With all of this new information at my finger tips, I knew that steroids clearly had a negative impact in the body. Nevertheless, I wanted actual numbers to back up some of the findings. I needed to know to what extent steroids destroyed the body. I was able to find a study that compared different statistics among regular weight lifters, heavy lifters, steroid users, and runners. An effect seen in steroid abusers is increased blood pressure. This could be potentially caused by a larger left ventricular mass, larger posterior wall and larger interventricular septum thickness. Additionally, steroid users experienced a slower recovery in blood pressure after finishing an exercise. However, this appeared to be dose related, as some subjects experienced fewer effects with smaller injections. Finally, steroid users are at a much greater risk for cardiac disease caused by lipoprotein cholesterol. Compared to the other three test groups, steroid users had much higher levels of total cholesterol, LDLs (Low-Density Lipoprotein), and triglycerides. They also had lower levels of high-density lipoproteins, which are considered “good” cholesterol. LDLs are responsible for transporting cholesterol into the artery wall, leading to the formation of plaque, and eventually atherosclerosis, heart attack, stroke, or peripheral vascular disease. Each value that I mentioned can be explicitly found in or inferred from the tables below.
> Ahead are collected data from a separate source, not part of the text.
(* Let $(X,d)$ be a path-connected compact metric space, $x_0\in X$, $n\geq1$. Then the topology on $\pi_n(X,x_0)$ induced by the pseudometric $\rho$ is at least as fine as the shape topology on $\pi_n(X,x_0)$.
   Context: $\Omega^n(X,x_0)$ is the set of continuous maps $\alpha:[0,1]^n\to X$ with $\alpha(\partial[0,1]^n)=\{x_0\}$, with uniform metric $\mu(\alpha,\beta)=\sup_t d(\alpha(t),\beta(t))$, and $\rho(a,b)=\inf\{\mu(\alpha,\beta)\mid\alpha\in a,\beta\in b\}$. Shape topology: let $\mathrm{cov}(X)$ be the set of pairs $(\mathscr{U},U_0)$, $\mathscr{U}$ a locally finite open cover of $X$ and $U_0\in\mathscr{U}$ containing $x_0$. Let $|N(\mathscr{U})|$ be the geometric realization of the nerve of $\mathscr{U}$. A partition of unity $\{\phi_U\}$ subordinate to $\mathscr{U}$ with $\phi_{U_0}(x_0)=1$ gives a canonical map $p_{\mathscr{U}}:(X,x_0)\to(|N(\mathscr{U})|,U_0)$ with barycentric coordinates $\phi_U(x)$. The shape topology is the group topology on $\pi_n(X,x_0)$ having the subgroups $\ker(p_{\mathscr{U}\#}:\pi_n(X,x_0)\to\pi_n(|N(\mathscr{U})|,U_0))$, $(\mathscr{U},U_0)\in\mathrm{cov}(X)$, as a neighborhood base of the identity (equivalently the initial topology with respect to the canonical homomorphism to the shape homotopy group $\varprojlim\pi_n(|N(\mathscr{U})|,U_0)$ of discrete groups). *)

From HB Require Import structures.
From mathcomp Require Import all_boot all_order all_algebra.
From mathcomp Require Import all_classical all_reals all_analysis.
Set Implicit Arguments. Unset Strict Implicit. Unset Printing Implicit Defensive.
Import Order.TTheory GRing.Theory Num.Theory numFieldTopology.Exports.
Local Open Scope classical_set_scope.
Local Open Scope ring_scope.

Section Defs.
Variable R : realType.

Definition unitI : set R := [set s | 0 <= s <= 1].

Definition ucube (n : nat) : set 'rV[R]_n :=
  [set t | forall i : 'I_n, 0 <= t ord0 i <= 1].

Definition ucube_bd (n : nat) : set 'rV[R]_n :=
  [set t | @ucube n t /\ exists i : 'I_n, t ord0 i = 0 \/ t ord0 i = 1].

Definition Omega_in {Y : topologicalType} (S : set Y) (y0 : Y) (n : nat)
  : set ('rV[R]_n -> Y) :=
  [set f : 'rV[R]_n -> Y | {within @ucube n, continuous f} /\
           (forall t, @ucube n t -> S (f t)) /\
           (forall t, @ucube_bd n t -> f t = y0)].

Definition rel_htpy {Y : topologicalType} (S : set Y) (y0 : Y) (n : nat)
  (f g : 'rV[R]_n -> Y) : Prop :=
  exists H : 'rV[R]_n * R -> Y,
    {within @ucube n `*` unitI, continuous H} /\
    (forall p, (@ucube n `*` unitI) p -> S (H p)) /\
    (forall t, @ucube n t -> H (t, 0) = f t /\ H (t, 1) = g t) /\
    (forall t s, @ucube_bd n t -> unitI s -> H (t, s) = y0).

Section Space.
Variable X : metricType R.

Definition Omega (x0 : X) (n : nat) : set ('rV[R]_n -> X) :=
  @Omega_in _ [set: X] x0 n.

Definition htpy_class (x0 : X) (n : nat) (alpha : 'rV[R]_n -> X)
  : set ('rV[R]_n -> X) :=
  [set beta | @Omega x0 n beta /\ rel_htpy [set: X] x0 alpha beta].

Definition pin_set (x0 : X) (n : nat) : set (set ('rV[R]_n -> X)) :=
  [set a | exists2 alpha, @Omega x0 n alpha & a = htpy_class x0 alpha].

Definition mu_dist (n : nat) (alpha beta : 'rV[R]_n -> X) : R :=
  sup [set mdist (alpha t) (beta t) | t in @ucube n].

Definition rho_dist (n : nat) (a b : set ('rV[R]_n -> X)) : R :=
  inf [set r | exists alpha beta, a alpha /\ b beta /\ r = mu_dist alpha beta].

Definition rho_open (x0 : X) (n : nat) (V : set (set ('rV[R]_n -> X))) : Prop :=
  V `<=` @pin_set x0 n /\
  forall a, V a -> exists2 e : R, 0 < e &
    forall b, @pin_set x0 n b -> rho_dist a b < e -> V b.

Definition lf_open_cover (C : set (set X)) : Prop :=
  (forall U, C U -> open U) /\
  (forall x, exists2 U, C U & U x) /\
  (forall x : X, exists N : set X, nbhs x N /\ finite_set [set U | C U /\ U `&` N !=set0]).

Definition pou_subordinate (C : set (set X)) (phi : set X -> X -> R) : Prop :=
  (forall U, continuous (phi U)) /\
  (forall U x, 0 <= phi U x) /\
  (forall U, ~ C U -> forall x, phi U x = 0) /\
  (forall U, closure [set x | phi U x != 0] `<=` U) /\
  (forall x, finite_set [set U | phi U x != 0] /\
             \sum_(U \in [set: set X]) phi U x = 1).

(* geometric realization |N(C)| of the nerve of C, as the set of barycentric
   coordinate functions, with the topology induced from the product topology *)
Definition nerve_real (C : set (set X)) : set {ptws set X -> R} :=
  [set t | (forall U, 0 <= t U) /\
           finite_set [set U | t U != 0] /\
           \sum_(U \in [set: set X]) t U = 1 /\
           [set U | t U != 0] `<=` C /\
           exists x : X, forall U, t U != 0 -> U x].

Definition nerve_vertex (U0 : set X) : {ptws set X -> R} :=
  fun U => (U == U0)%:R.

Definition canon_map (phi : set X -> X -> R) : X -> {ptws set X -> R} :=
  fun x U => phi U x.

(* open sets of the shape topology on pi_n(X,x0): V is open iff for every
   a in V there is (C,U0) in cov(X) (with a canonical map p) such that the
   coset a * ker(p_#) -- i.e. the fibre of p_# through a -- lies in V *)
Definition shape_open (x0 : X) (n : nat) (V : set (set ('rV[R]_n -> X))) : Prop :=
  V `<=` @pin_set x0 n /\
  forall a, V a -> exists (C : set (set X)) (U0 : set X) (phi : set X -> X -> R),
    [/\ lf_open_cover C, C U0, U0 x0,
        pou_subordinate C phi /\ phi U0 x0 = 1 &
        forall b, @pin_set x0 n b ->
          (forall alpha beta, a alpha -> b beta ->
             rel_htpy (nerve_real C) (nerve_vertex U0)
                      (canon_map phi \o alpha) (canon_map phi \o beta)) ->
          V b].

Definition path_conn : Prop :=
  forall x y : X, exists gamma : R -> X,
    {within unitI, continuous gamma} /\ gamma 0 = x /\ gamma 1 = y.

End Space.
End Defs.

Arguments ucube {R} n.
Arguments ucube_bd {R} n.
Arguments Omega_in {R Y} S y0 n.
Arguments Omega {R X} x0 n.
Arguments pin_set {R X} x0 n.
Arguments rho_open {R X} x0 n V.
Arguments shape_open {R X} x0 n V.

From HB Require Import structures.
From mathcomp Require Import all_boot all_order all_algebra.
From mathcomp Require Import all_classical all_reals all_analysis.
From mathcomp Require Import finmap lra.
Set Implicit Arguments. Unset Strict Implicit. Unset Printing Implicit Defensive.
Import Order.TTheory GRing.Theory Num.Theory numFieldTopology.Exports.
Local Open Scope classical_set_scope.
Local Open Scope ring_scope.

(** Fix a shape neighbourhood of [a], given by a locally finite
  cover [C] with a partition of unity [phi] and canonical map [p].  As [X] is
  compact, [C] has a Lebesgue number [e] for the supports of [phi]: whenever
  [d(z, y) < e], every [U] with [phi_U(z) <> 0] contains [y].  If
  [rho(a, b) < e], choose representatives [alpha], [beta] with
  [mu(alpha, beta) < e]; then for each [t] the barycentric supports of
  [p(alpha t)] and [p(beta t)] both consist of sets containing [alpha t],
  hence span a common simplex of the nerve, and the straight-line homotopy
  from [p o alpha] to [p o beta] stays in [|N(C)|].  So [p_#] identifies [a]
  and [b]. *)

Lemma continuous_within_comp (T U V : topologicalType) (A : set T) (B : set U)
    (f : T -> U) (g : U -> V) :
  (forall x, A x -> B (f x)) ->
  {within A, continuous f} -> {within B, continuous g} ->
  {within A, continuous (g \o f)}.
Proof.
move=> AB /subspace_continuousP cf /subspace_continuousP cg.
apply/subspace_continuousP => x Ax; apply: cvg_trans (cg _ (AB _ Ax)) => W /= Wg.
have := cf _ Ax _ Wg; rewrite /nbhs /= /within /=.
by apply: filterS => z Hz Az; exact: Hz Az (AB _ Az).
Qed.

Lemma fst_continuous (T U : topologicalType) : continuous (@fst T U).
Proof. by move=> p; exact: cvg_fst. Qed.

Lemma snd_continuous (T U : topologicalType) : continuous (@snd T U).
Proof. by move=> p; exact: cvg_snd. Qed.

Lemma ptws_cvg (I T : Type) (V : topologicalType) (F : set_system T)
    {FF : Filter F} (f : T -> {ptws I -> V}) (g : {ptws I -> V}) :
  (forall i, (fun t => f t i) @ F --> g i) -> f @ F --> g.
Proof.
move=> fg; apply/cvg_sup => i U [? /= [[W oW <-]] Wg] /filterS; apply.
by apply: (fg i); exact: open_nbhs_nbhs.
Qed.

Lemma fsbig_setT_support (T : choiceType) (R : Type) {idx : R}
    {op : Monoid.com_law idx} (S : set T) (g : T -> R) :
  finite_set S -> (forall x, ~ S x -> g x = idx) ->
  \big[op/idx]_(x \in [set: T]) g x = \big[op/idx]_(x \in S) g x.
Proof. by move=> finS gS; apply/esym/fsbig_widen => // x [_ /gS]. Qed.

Section Cube.
Variable R : realType.

Lemma ucube_closed n : closed (@ucube R n).
Proof.
have -> : @ucube R n = \bigcap_(i in [set: 'I_n])
    ((fun t : 'rV[R]_n => t ord0 i) @^-1` [set s | 0 <= s <= 1]).
  by apply/seteqP; split => t /= Ht i; [move=> _|]; apply: Ht.
apply: closed_bigI => i _; apply: preimage_closed.
  by move=> t _; exact: coord_continuous.
have -> : [set s : R | 0 <= s <= 1] = [set s | 0 <= s] `&` [set s | s <= 1].
  by apply/seteqP; split => s /=; [move/andP|move=> [-> ->]].
by apply: closedI; [exact: closed_ge|exact: closed_le].
Qed.

Lemma ucube_slab_closed n (a b : R) :
  closed [set p : 'rV[R]_n * R | ucube n p.1 /\ a <= p.2 <= b].
Proof.
have -> : [set p : 'rV[R]_n * R | ucube n p.1 /\ a <= p.2 <= b] =
    fst @^-1` ucube n `&` snd @^-1` [set s | a <= s] `&` snd @^-1` [set s | s <= b].
  apply/seteqP; split => p /=; first by move=> [? /andP[]].
  by move=> [[? ?] ?]; split => //; apply/andP.
apply: closedI; first apply: closedI; apply: preimage_closed.
- by move=> ? _; exact: fst_continuous.
- exact: ucube_closed.
- by move=> ? _; exact: snd_continuous.
- exact: closed_ge.
- by move=> ? _; exact: snd_continuous.
- exact: closed_le.
Qed.
Definition strong_ED (C : nat -> 'M[R]_d) (N : nat -> 'cV[R]_d -> R) : Prop :=
  exists (K a lam : R) (P : nat -> 'M[R]_d),
    [/\ 0 < K, 0 < lam, lam <= a,
        (forall n, P n *m P n = P n) /\
        (forall n, C n *m P n = P n.+1 *m C n) &
        forall (m n : nat) (x : 'cV[R]_d), (n <= m)%N ->
          [/\ N m (cocycle C m n *m (P n *m x))
                <= K * expR (- lam * (m - n)%:R) * N n x,
              N n (cocycle C n m *m ((1%:M - P m) *m x))
                <= K * expR (- lam * (m - n)%:R) * N m x,
              N m (cocycle C m n *m x) <= K * expR (a * (m - n)%:R) * N n x
            & N n (cocycle C n m *m x) <= K * expR (a * (m - n)%:R) * N m x]].

Definition Sigma_ED (A : nat -> 'M[R]_d) (N : nat -> 'cV[R]_d -> R) : set R :=
  [set tau | 0 < tau /\ ~ strong_ED (fun n => tau^-1 *: A n) N].

End Defs.

(* For s outside Sigma, the strong dichotomy of s^-1 A is a dichotomy of A
   whose stable part grows at most like e^(al k) and whose unstable part,
   run backwards, decays like e^(ga k), with al < ln s < -ga.  For every t
   with al < ln t < -ga the same projections give a strong dichotomy of
   t^-1 A, and S_t(n) is exactly the range of P_n.  So the complement of
   Sigma is open and t |-> S_t(n) is locally constant on it, hence constant
   on an interval [r1, r2] avoiding Sigma.  Conversely, if S_r1(n) = S_r2(n),
   the projections of the dichotomies at r1 and r2 have the same ranges at
   time n, hence at every time, and the projections for r2 with the stable
   rate for r1 give a dichotomy that is strong for every t in [r1, r2]. *)

From HB Require Import structures.
From mathcomp Require Import all_boot all_order all_algebra.
From mathcomp Require Import classical_sets boolp reals sequences exp.
From mathcomp Require Import ring lra.
Import Order.TTheory GRing.Theory Num.Theory.
Local Open Scope ring_scope.
Local Open Scope classical_set_scope.
Set Implicit Arguments. Unset Strict Implicit.

Section Cocycle.
Variables (R : realType) (d : nat) (A : nat -> 'M[R]_d).

Definition fixed_vectors (P : 'M[R]_d) : set 'cV[R]_d := [set v | P *m v = v].

Lemma cocycle_fwd n k : cocycle A (n + k) n = fwd A n k.
Proof. by rewrite /cocycle leq_addr (addnC n k) addnK. Qed.

Lemma cocycle_bwd n k : cocycle A n (n + k) = bwd A n k.
Proof.
rewrite /cocycle; case: k => [|k]; first by rewrite addn0 leqnn subnn.
by rewrite addnS ltnNge leq_addr /= -addnS (addnC n) addnK.
Qed.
When I finally came to terms with the idea that most athletes are money hungry cheaters, Ryan Braun’s suspension was overturned. There were alleged problems with the chain of custody of his urine samples, causing them to be invalid and not suitable for testing. Somehow a judge found this excuse to be good enough, even though no seals were broken, and Ryan Braun willingly gave his signature every step of the way. Even with no experts agreeing with his case, the judge believed that the samples could have elevated levels of testosterone just by sitting in a man’s apartment for an extra 48 hours. This was the first time any player had been relieved of a suspension after appealing. I am now forced to watch a likely steroid user tear apart Cubs pitchers, when he really should be suspended.